Papa reafirma forte defesa da vida, e oposição à eutanásia!
 
CIDADE DO VATINACO - Na Segunda-Feira, o Papa João Paulo II delineou uma nova defesa da "dignidade da vida humana", denunciando o aborto e a eutanásia, e dizendo que a clonagem reduz os seres humanos a meros objectos.

No seu discurso anual aos diplomatas com base no Vaticano, o Papa disse que o direito à vida é o "mais fundamental dos direitos humanos".

 "O aborto, a eutanásia e clonagem humana, por exemplo, correm o risco de reduzir a pessoa humana a um mero objecto: de certo modo, vida e morte por encomenda", referiu o Papa.

 "Quando todos os critérios morais são removidos, a pesquisa cientifica envolvendo as fontes da vida torna-se uma negação do ser e da dignidade da pessoa", continuou.

 O Papa à muito tempo tem dado voz à oposição ao aborto e à eutanásia: numa encíclica em 19995, declarou que ambos são crimes que nenhuma lei pode legitimar. O Vaticano, mais recentemente, tem condenado a clonagem e a pesquisa tronco de embriões humanos.

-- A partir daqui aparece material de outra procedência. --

(* Let $A$ be an associative algebra over a field $\mathbf{k}$ with identity $1$, let $q\in A$ be an idempotent, and let $(A,q):=\{x\in A \mid qxq=qx\}$. For $a\in (A,q)$ let $a_L:(A,q)\to (A,q)$ be left multiplication, $a_L(x):=ax$. Put $W:=(A,q)^{ann}:=\{qx-x\mid x\in (A,q)\}$ and $q_L$ := left multiplication by $q$ on $(A,q)$. Then $q_L$ is a $W$-idempotent of $End((A,q))$, and the map $\phi:(A,q)\to (End((A,q)),q_L)$, $\phi(a)=a_L$, is an injective invariant homomorphism from the invariant algebra $(A,q)$ to the linear invariant algebra $(End((A,q)),q_L)$ over the vector space $(A,q)$ induced by the $W$-idempotent $q_L$.
   Context: All associative algebras have an identity and algebra homomorphisms preserve it. For an associative algebra $A$ with idempotent $q$, the (right) invariant algebra induced by $q$ is $(A,q):=\{x\in A\mid qxq=qx\}$; it is a subalgebra of $A$ containing $1$ and $q$. For a vector space $V$ with subspace $W$, a $W$-idempotent is a linear map $q:V\to V$ with $q(W)=0$ and $q(v)-v\in W$ for all $v\in V$; the linear invariant algebra over $V$ induced by $q$ is $(End(V),q)=\{f\in End(V)\mid qfq=qf\}$ (equivalently, the linear maps $f$ with $f(W)\subseteq W$). For invariant algebras $(A,q_A)$ and $(B,q_B)$, an invariant homomorphism is a linear map $\phi:(A,q_A)\to(B,q_B)$ with $\phi(xy)=\phi(x)\phi(y)$ for all $x,y$, $\phi(1_A)=1_B$ and $\phi(q_A)=q_B$. *)

From HB Require Import structures.
From mathcomp Require Import all_boot all_algebra.
Set Implicit Arguments. Unset Strict Implicit. Unset Printing Implicit Defensive.
Import GRing.Theory.
Local Open Scope ring_scope.

Section InvariantAlgebra.
Variables (K : fieldType) (A : algType K) (q : A).

Definition inv_pred : A -> bool := fun x => q * x * q == q * x.

Lemma inv_pred_submod : subsemimod_closed inv_pred.
Proof.
have H : forall x : A, (x \in inv_pred) = (q * x * q == q * x) by [].
split; first split.
- by rewrite H mulr0 mul0r.
- move=> u v; rewrite !H => /eqP Hu /eqP Hv; apply/eqP.
  by rewrite mulrDr mulrDl Hu Hv.
- move=> a u; rewrite !H => /eqP Hu; apply/eqP.
  by rewrite -scalerAr -scalerAl Hu scalerAr.
Qed.

HB.instance Definition _ := GRing.isSubmodClosed.Build K A inv_pred inv_pred_submod.

Record invalg := InvAlg { ival :> A; ivalP : inv_pred ival }.
HB.instance Definition _ := [isSub for ival].
HB.instance Definition _ := [Choice of invalg by <:].
HB.instance Definition _ := [SubChoice_isSubLmodule of invalg by <:].

Lemma inv_pred_mul (x y : invalg) : inv_pred (val x * val y).
Proof.
case: x y => x /eqP Hx [y /eqP Hy] /=; apply/eqP.
have Hy' : q * (y * q) = q * y by rewrite mulrA.
have -> : q * (x * y) * q = (q * x * q) * (y * q) by rewrite Hx !mulrA.
by rewrite -!mulrA Hy' !mulrA Hx.
Qed.

Definition inv_mul (x y : invalg) : invalg := InvAlg (inv_pred_mul x y).

Definition lmul (a : invalg) : invalg -> invalg := fun x => inv_mul a x.

Section Idempotent.
Variable (hq : q * q = q).

Lemma inv_pred_q : inv_pred q.
Proof. by rewrite /inv_pred hq; apply/eqP. Qed.

Lemma inv_pred_1 : inv_pred 1.
Proof. by rewrite /inv_pred mulr1 hq; apply/eqP. Qed.

Definition qelt : invalg := InvAlg inv_pred_q.
Definition oneelt : invalg := InvAlg inv_pred_1.

Definition qL : invalg -> invalg := lmul qelt.

End Idempotent.

Definition Wann (w : invalg) : Prop :=
  exists x : invalg, val w = q * val x - val x.


End InvariantAlgebra.

Definition is_subspace (K : fieldType) (V : lmodType K) (W : V -> Prop) : Prop :=
  W 0 /\ forall (a : K) (u v : V), W u -> W v -> W (a *: u + v).

Definition W_idempotent (K : fieldType) (V : lmodType K) (W : V -> Prop)
  (p : V -> V) : Prop :=
  linear p /\ (forall w, W w -> p w = 0) /\ (forall v, W (p v - v)).

Definition in_lin_inv_alg (K : fieldType) (V : lmodType K) (p : V -> V)
  (f : V -> V) : Prop :=
  linear f /\ p \o f \o p =1 p \o f.

From HB Require Import structures.
From mathcomp Require Import all_boot all_algebra.
Import GRing.Theory.
Local Open Scope ring_scope.

(* Everything is inherited from the algebra A through the injection [val]:
   left multiplication is linear in both arguments and associative, hence
   [a |-> a_L] is a linear, multiplicative, unital map, injective because
   [a_L 1 = a].  The invariance [q_L a_L q_L = q_L a_L] is the defining
   identity [q a q = q a] of (A,q) multiplied on the right, and [q_L] is a
   [W]-idempotent because [q (q x - x) = 0] for idempotent [q]. *)

Section LeftMultiplication.
Variables (K : fieldType) (A : algType K) (q : A).

Lemma val_lmul (a x : invalg q) : val (lmul a x) = val a * val x.
Proof. by []. Qed.

Lemma Wann_subspace : is_subspace (@Wann K A q).
Proof.
split; first by exists 0; rewrite /= mulr0 subr0.
move=> k u v [x Wu] [y Wv]; exists (k *: x + y).
by rewrite /= Wu Wv mulrDr -scalerAr scalerBr addrACA opprD.
Qed.

Lemma lmul_linear (a : invalg q) : linear (lmul a).
Proof. by move=> k u v; apply: val_inj; rewrite /= mulrDr -scalerAr. Qed.

Lemma lmulZD (k : K) (a b : invalg q) :
  lmul (k *: a + b) =1 (fun x => k *: lmul a x + lmul b x).
Proof. by move=> x; apply: val_inj; rewrite /= mulrDl -scalerAl. Qed.

Lemma lmulM (a b : invalg q) : lmul (inv_mul a b) =1 lmul a \o lmul b.
Proof. by move=> x; apply: val_inj; rewrite /= mulrA. Qed.

Variable hq : q * q = q.

Lemma lmul1 : lmul (oneelt hq) =1 id.
Proof. by move=> x; apply: val_inj; rewrite /= mul1r. Qed.

Lemma lmul_inj (a b : invalg q) : lmul a =1 lmul b -> a = b.
Proof.
by move=> /(_ (oneelt hq)) /(congr1 val); rewrite !val_lmul /= !mulr1 => /val_inj.
Qed.

Lemma qL_W_idempotent : W_idempotent (@Wann K A q) (qL hq).
Proof.
split; first exact: lmul_linear.
split; last by move=> v; exists v.
by move=> w [x Wx]; apply: val_inj; rewrite val_lmul Wx /= mulrBr mulrA hq subrr.
Qed.

Lemma lmul_in_lin_inv_alg (a : invalg q) : in_lin_inv_alg (qL hq) (lmul a).
Proof.
split; first exact: lmul_linear.
by move=> x; apply: val_inj; rewrite /= !mulrA (eqP (ivalP a)).
Qed.

End LeftMultiplication.

Theorem proposition1p1 (K : fieldType) (A : algType K) (q : A)
  (hq : q * q = q) :
  is_subspace (@Wann K A q)
  /\ W_idempotent (@Wann K A q) (qL hq)
  /\ (forall a : invalg q, in_lin_inv_alg (qL hq) (lmul a))
  /\ (forall (k : K) (a b : invalg q),
        lmul (k *: a + b) =1 (fun x => k *: lmul a x + lmul b x))
  /\ (forall a b : invalg q, lmul (inv_mul a b) =1 lmul a \o lmul b)
  /\ lmul (oneelt hq) =1 id
  /\ lmul (qelt hq) =1 qL hq
  /\ (forall a b : invalg q, lmul a =1 lmul b -> a = b).
Proof.
split; first exact: Wann_subspace.
split; first exact: qL_W_idempotent.
split; first exact: lmul_in_lin_inv_alg.
split; first exact: lmulZD.
split; first exact: lmulM.
split; first exact: lmul1.
split; first by [].
exact: lmul_inj.
Qed.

 O porta-voz do Vaticano, Joaquim Navarro-Valls, por exemplo, chamou às recentes afirmações de que um bebe clonado tinha nascido "uma expressão da mentalidade brutal, desprovida de qualquer consideração humana ou ética".

 Espera-se que o Vaticano publique um documento, possivelmente na próxima semana, que fala sobre a clonagem, o aborto e outras questões que estão em contraste com a doutrina moral da Igreja Católica. O documento, elaborado pela Congregação para a Doutrina da Fé, que é destinado como uma directriz para os políticos católicos.